_What the task asks_.
Here is the task for the records below: repeat exactly the lines from the one with "by move/eqP; rewrite oner_eq0." to the one with "rewrite rmorph0 /path_proj", both included, and nothing else.

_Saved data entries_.
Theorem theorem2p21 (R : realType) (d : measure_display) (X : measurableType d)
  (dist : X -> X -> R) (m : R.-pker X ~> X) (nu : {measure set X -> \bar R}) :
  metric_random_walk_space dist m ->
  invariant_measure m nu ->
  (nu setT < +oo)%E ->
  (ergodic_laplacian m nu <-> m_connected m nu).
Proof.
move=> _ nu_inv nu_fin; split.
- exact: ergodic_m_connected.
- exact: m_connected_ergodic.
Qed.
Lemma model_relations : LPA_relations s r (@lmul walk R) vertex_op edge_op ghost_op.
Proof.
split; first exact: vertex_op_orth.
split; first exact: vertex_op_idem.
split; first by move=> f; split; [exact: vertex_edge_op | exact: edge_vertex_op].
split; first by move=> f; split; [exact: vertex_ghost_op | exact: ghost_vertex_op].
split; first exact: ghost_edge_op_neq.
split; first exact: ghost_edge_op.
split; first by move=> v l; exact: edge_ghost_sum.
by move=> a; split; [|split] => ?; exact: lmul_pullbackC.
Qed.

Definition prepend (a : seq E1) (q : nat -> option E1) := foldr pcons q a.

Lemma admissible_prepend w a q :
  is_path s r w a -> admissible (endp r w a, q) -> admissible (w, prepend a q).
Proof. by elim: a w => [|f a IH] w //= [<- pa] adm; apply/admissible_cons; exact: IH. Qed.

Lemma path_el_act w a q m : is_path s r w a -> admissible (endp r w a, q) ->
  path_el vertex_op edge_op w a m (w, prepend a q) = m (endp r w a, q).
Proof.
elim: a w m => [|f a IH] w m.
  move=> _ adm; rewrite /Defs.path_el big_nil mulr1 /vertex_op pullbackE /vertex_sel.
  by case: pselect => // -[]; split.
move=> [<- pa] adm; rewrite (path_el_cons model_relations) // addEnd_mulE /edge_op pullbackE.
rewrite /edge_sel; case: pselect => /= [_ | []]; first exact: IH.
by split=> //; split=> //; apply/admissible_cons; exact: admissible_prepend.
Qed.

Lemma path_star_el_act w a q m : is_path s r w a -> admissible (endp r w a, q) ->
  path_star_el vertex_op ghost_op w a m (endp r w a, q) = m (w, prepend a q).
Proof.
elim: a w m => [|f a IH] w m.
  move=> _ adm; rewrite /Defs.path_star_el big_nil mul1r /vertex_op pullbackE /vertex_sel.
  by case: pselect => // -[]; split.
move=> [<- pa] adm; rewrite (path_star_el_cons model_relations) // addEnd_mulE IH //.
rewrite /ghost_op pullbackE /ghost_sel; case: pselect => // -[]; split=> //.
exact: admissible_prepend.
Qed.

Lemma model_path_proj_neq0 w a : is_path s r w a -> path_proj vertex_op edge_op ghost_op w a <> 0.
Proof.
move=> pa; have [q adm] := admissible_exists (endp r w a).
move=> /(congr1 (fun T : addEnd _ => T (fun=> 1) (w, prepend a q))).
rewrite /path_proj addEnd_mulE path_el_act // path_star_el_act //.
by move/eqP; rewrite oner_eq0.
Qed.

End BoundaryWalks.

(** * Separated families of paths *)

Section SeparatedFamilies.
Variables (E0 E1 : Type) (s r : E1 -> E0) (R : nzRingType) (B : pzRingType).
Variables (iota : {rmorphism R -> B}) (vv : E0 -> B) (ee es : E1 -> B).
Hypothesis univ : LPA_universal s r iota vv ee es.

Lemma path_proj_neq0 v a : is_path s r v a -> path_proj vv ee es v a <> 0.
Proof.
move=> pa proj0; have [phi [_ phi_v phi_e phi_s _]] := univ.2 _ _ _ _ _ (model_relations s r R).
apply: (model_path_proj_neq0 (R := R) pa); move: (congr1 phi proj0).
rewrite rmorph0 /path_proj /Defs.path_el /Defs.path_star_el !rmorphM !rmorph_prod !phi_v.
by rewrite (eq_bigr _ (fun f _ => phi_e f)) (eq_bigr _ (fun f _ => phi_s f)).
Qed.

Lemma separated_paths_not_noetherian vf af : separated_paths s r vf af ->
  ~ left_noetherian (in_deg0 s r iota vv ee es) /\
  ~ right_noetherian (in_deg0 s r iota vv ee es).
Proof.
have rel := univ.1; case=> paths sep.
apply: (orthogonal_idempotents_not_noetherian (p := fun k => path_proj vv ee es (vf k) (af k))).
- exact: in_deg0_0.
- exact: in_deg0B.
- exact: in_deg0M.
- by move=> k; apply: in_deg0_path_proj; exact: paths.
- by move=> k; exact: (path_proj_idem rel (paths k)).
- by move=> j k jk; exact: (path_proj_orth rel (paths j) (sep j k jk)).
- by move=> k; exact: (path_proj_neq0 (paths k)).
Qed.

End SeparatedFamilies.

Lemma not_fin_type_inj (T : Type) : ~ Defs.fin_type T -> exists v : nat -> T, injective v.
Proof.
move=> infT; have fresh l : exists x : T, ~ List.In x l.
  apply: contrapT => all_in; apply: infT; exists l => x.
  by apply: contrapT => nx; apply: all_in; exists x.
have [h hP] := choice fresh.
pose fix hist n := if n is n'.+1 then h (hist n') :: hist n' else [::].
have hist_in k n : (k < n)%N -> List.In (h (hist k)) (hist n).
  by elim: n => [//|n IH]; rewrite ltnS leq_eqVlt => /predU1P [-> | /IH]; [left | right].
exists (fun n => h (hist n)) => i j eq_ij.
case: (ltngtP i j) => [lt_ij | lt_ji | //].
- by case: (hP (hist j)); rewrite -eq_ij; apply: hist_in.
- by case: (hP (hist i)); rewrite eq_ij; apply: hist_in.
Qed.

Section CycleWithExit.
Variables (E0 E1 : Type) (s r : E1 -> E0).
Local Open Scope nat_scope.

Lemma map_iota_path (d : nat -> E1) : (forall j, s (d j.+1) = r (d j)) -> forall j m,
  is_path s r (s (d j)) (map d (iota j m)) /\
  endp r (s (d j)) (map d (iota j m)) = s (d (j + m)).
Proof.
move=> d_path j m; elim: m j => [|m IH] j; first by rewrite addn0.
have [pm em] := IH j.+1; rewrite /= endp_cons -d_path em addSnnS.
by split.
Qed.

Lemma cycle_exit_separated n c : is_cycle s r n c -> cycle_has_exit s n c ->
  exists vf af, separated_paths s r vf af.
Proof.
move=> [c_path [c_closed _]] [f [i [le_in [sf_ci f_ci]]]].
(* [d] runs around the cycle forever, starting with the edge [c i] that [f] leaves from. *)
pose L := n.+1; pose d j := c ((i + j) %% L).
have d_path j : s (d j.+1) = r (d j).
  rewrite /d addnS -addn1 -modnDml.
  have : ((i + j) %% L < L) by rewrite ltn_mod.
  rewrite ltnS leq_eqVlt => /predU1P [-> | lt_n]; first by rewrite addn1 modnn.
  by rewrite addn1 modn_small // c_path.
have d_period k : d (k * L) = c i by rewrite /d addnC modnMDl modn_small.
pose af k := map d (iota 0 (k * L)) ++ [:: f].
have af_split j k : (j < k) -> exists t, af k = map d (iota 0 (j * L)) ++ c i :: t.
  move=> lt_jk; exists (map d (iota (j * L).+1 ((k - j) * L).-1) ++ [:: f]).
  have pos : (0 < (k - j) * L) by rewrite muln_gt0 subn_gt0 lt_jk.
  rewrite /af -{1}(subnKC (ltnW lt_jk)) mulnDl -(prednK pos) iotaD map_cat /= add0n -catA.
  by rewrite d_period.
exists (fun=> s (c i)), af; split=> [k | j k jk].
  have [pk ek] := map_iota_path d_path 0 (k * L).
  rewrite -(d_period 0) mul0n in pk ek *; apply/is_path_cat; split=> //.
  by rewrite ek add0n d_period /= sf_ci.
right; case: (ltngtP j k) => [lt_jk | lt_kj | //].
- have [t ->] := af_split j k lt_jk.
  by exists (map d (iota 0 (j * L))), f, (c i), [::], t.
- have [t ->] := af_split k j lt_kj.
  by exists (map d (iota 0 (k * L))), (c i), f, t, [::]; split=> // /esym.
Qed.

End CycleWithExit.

_Answer for the task_.
by move/eqP; rewrite oner_eq0.
Qed.

End BoundaryWalks.

(** * Separated families of paths *)

Section SeparatedFamilies.
Variables (E0 E1 : Type) (s r : E1 -> E0) (R : nzRingType) (B : pzRingType).
Variables (iota : {rmorphism R -> B}) (vv : E0 -> B) (ee es : E1 -> B).
Hypothesis univ : LPA_universal s r iota vv ee es.

Lemma path_proj_neq0 v a : is_path s r v a -> path_proj vv ee es v a <> 0.
Proof.
move=> pa proj0; have [phi [_ phi_v phi_e phi_s _]] := univ.2 _ _ _ _ _ (model_relations s r R).
apply: (model_path_proj_neq0 (R := R) pa); move: (congr1 phi proj0).
rewrite rmorph0 /path_proj /Defs.path_el /Defs.path_star_el !rmorphM !rmorph_prod !phi_v.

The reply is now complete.